Substitution of US with LA activation during conditioning. (A) When LAp1 and LAp2 are activated at they maximum, substituting the US during the three trials of conditioning, the extinction circuit composed by BAp2, ILp, BAp3, and ITC is engaged. This causes the suppression of the activity of BAp4. (B) When LA activation is used instead of the US there is potentiation of only two of the three connections that should undergo LTP during conditioning. (C) Fear conditioning obtained with LA activation, in control condition (Ctrl, black dots) or when the extinction pathway is inactivated (BAp2 inactivation, white dots).

Figure 10

Effects on extinction of the manipulation of the DSI/E. (A) CeM activity during the two sessions of extinction in the control model (black dots) and in a model where DSI/E is inactivated (white dots) in the whole amygdala. As shown in real data from Marsicano et al. (2002) in the right graph, knockout mice for the endocannabinoid receptor CB1 are severely impaired in both within- and between-session extinction. (B) CeM activity during the two sessions of extinction in the control model and in a model where DSI/E is inactivated in CeM during the first session. In agreement with data from Kamprath et al. (2011), extinction is impaired in the first session but is spared in the second session. (C) CeM activity during the two sessions of extinction in the control model and in a model where DSI/E is inactivated in BA during the first session. The control and DSI/E-inactivated models have comparable levels of extinction in the first session, but the manipulated models shows a deficit in between-session extinction, in agreement with real data (Kamprath et al., 2011).

Figure 11

Effects on synaptic plasticity of DSI blockade in BA during extinction. If DSI is inactivated during extinction, plasticity is severely compromised at the synapses PLp-BAp4, BAp2-ILp, BAp3-ITC, and BAcck-BAp2 (compare these results with Figure 4).

Figure 12

Effects of the IL and PL manipulation on extinction. (A) The inactivation of ILp does not influence conditioning and the model shows extinction during the first session, as observed by Quirk et al. (2000).

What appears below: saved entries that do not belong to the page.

Lemma sum_ffun_prod_card :
  \sum_(t : {ffun 'I_l -> T}) \prod_j w (t j) * #|[set j | t j \in A]|%:R
    = l%:R * (\sum_(x in A) w x) * (\sum_x w x) ^+ l.-1.
Proof.
have cardE (t : {ffun 'I_l -> T}) :
    #|[set j | t j \in A]|%:R = \sum_j (t j \in A)%:R :> R.
  rewrite -sum1_card natr_sum big_mkcond; apply: eq_bigr => j _.
  by rewrite finset.inE; case: (t j \in A).
under eq_bigr do rewrite cardE mulr_sumr.
rewrite exchange_big -mulrA mulr_natl.
transitivity (\sum_(j < l) ((\sum_(x in A) w x) * (\sum_x w x) ^+ l.-1));
  last by rewrite sumr_const card_ord.
apply: eq_bigr => j _.
have splitE (t : {ffun 'I_l -> T}) : \prod_i w (t i) * (t j \in A)%:R
    = \prod_i (w (t i) * (if i == j then (t i \in A)%:R else 1)).
  rewrite big_split /=; congr (_ * _).
  by rewrite (bigD1 j) //= eqxx big1 ?mulr1 // => i /negbTE ->.
under eq_bigr do rewrite splitE.
rewrite -(bigA_distr_bigA (fun i x => w x * (if i == j then (x \in A)%:R else 1))).
rewrite (bigD1 j) //= eqxx sum_mul_indicator; congr (_ * _).
under eq_bigr => i /negbTE ij do under eq_bigr do rewrite ij mulr1.
by rewrite prodr_const cardC1 card_ord.
Qed.

End CandidateTuples.

Lemma coveredU {n : nat} (A C D : {set 'I_n}) :
  covered A (C :|: D) = covered A C || covered A D.
Proof. by rewrite /covered finset.setIUr finset.setU_eq0 negb_and. Qed.

Section HitPotential.
Context {R : realType} {d n : nat} (p : 'I_n -> 'rV[R]_d).
Context {l : nat} (rule : rule_t n l) (K : {set 'I_n}).

Local Notation candidates := {ffun 'I_l -> 'I_n}.

Lemma tupleprob_ge0 (C : {set 'I_n}) (t : candidates) : 0 <= tupleprob p C t.
Proof. by apply: prodr_ge0 => j _; apply: weight_ge0. Qed.

Lemma sum_tupleprob_le1 (C : {set 'I_n}) :
  \sum_(t : candidates) tupleprob p C t <= 1.
Proof.
rewrite /tupleprob sum_ffun_prod exprn_ile1 ?sum_weight_le1 //.
by apply: sumr_ge0 => x _; apply: weight_ge0.
Qed.

Lemma hits_le_card C (t : candidates) :
  (hits p K C t <= ~~ covered K C * #|[set j | t j \in K]|)%N.
Proof.
by rewrite /hits; case: (covered K C); case: (solved p K C); rewrite ?mul1n.
Qed.

Lemma uncovered_after_round C (t : candidates) (i : 'I_l) :
  (~~ covered K (C :|: [set t i]))%:R
    <= (~~ covered K C)%:R * (1 - [forall j, t j \in K]%:R) :> R.
Proof.
rewrite coveredU; case: (boolP [forall j, t j \in K]) => [/forallP tK | _].
  have -> : covered K [set t i].
    by apply/finset.set0Pn; exists (t i); rewrite finset.inE tK finset.set11.
  by rewrite orbT subrr mulr0.
by rewrite subr0 mulr1 ler_nat; case: (covered K C); case: (covered K _).
Qed.

Variables (e B : R).
Hypotheses (e_ge0 : 0 <= e) (B_ge0 : 0 <= B).
Hypothesis bound_by_power : forall x : R, 0 <= x -> x <= e + B * x ^+ l.

Lemma expected_round_potential C :
  \sum_(t : candidates) tupleprob p C t * ((hits p K C t)%:R
      + l%:R * B * (~~ covered K (C :|: [set t (rule C t)]))%:R)
    <= l%:R * e + l%:R * B * (~~ covered K C)%:R.
Proof.
set u : R := (~~ covered K C)%:R.
set q := \sum_(x in K) weight p C x.
set cnt := fun t : candidates => #|[set j | t j \in K]|%:R : R.
set all := fun t : candidates => [forall j, t j \in K]%:R : R.
have q_ge0 : 0 <= q by apply: sumr_ge0 => x _; apply: weight_ge0.
have S_ge0 : 0 <= \sum_x weight p C x by apply: sumr_ge0 => x _; apply: weight_ge0.
have Ecnt : \sum_(t : candidates) tupleprob p C t * cnt t <= l%:R * q.
  rewrite /tupleprob sum_ffun_prod_card -[leRHS]mulr1.
  by apply: ler_wpM2l; rewrite ?mulr_ge0 // exprn_ile1 ?sum_weight_le1.
have Eall : \sum_(t : candidates) tupleprob p C t * all t = q ^+ l.
  exact: sum_ffun_prod_all_in.
apply: le_trans (_ : \sum_(t : candidates) tupleprob p C t
    * (u * cnt t + l%:R * B * u * (1 - all t)) <= _).
  apply: ler_sum => t _; apply: ler_wpM2l; first exact: tupleprob_ge0.
  apply: lerD; first by rewrite -natrM ler_nat hits_le_card.
  rewrite -[in leRHS]mulrA; apply: ler_wpM2l; first by rewrite mulr_ge0.
  exact: uncovered_after_round.
have -> : \sum_(t : candidates) tupleprob p C t
      * (u * cnt t + l%:R * B * u * (1 - all t))
    = u * \sum_(t : candidates) tupleprob p C t * cnt t
      + l%:R * B * u * (\sum_(t : candidates) tupleprob p C t
                        - \sum_(t : candidates) tupleprob p C t * all t).
  rewrite !mulr_sumr -sumrB mulr_sumr -big_split /=.
  by apply: eq_bigr => t _; ring.
have ES := sum_tupleprob_le1 C.
have key : l%:R * q <= l%:R * (e + B * q ^+ l).
  by apply: ler_wpM2l; rewrite ?bound_by_power.
have ES_scaled : l%:R * B * \sum_(t : candidates) tupleprob p C t <= l%:R * B.
  by rewrite -[leRHS]mulr1; apply: ler_wpM2l; rewrite ?mulr_ge0.
have le_ge0 : 0 <= l%:R * e by rewrite mulr_ge0.
rewrite Eall /u; case: (covered K C) => /=; rewrite ?(mulr0, mul0r, mulr1); lra.
Qed.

On the other hand, the model shows that the absence of a functioning IL causes a deficit in between-session extinction, as shown in Quirk et al. (2000). (B) Conversely, when the IL is stimulated extinction is faster, in accordance with data presented by Vidal-Gonzalez et al. (2006). (C) The connection between the PL and IL controls the speed of fear extinction, as demonstrated in real data from Marek et al. (2018). In particular, if PLp-ILp connections are stimulated then fear extinction occurs earlier. (D) Instead, if PLp-ILp connections are inactivated then extinction takes longer.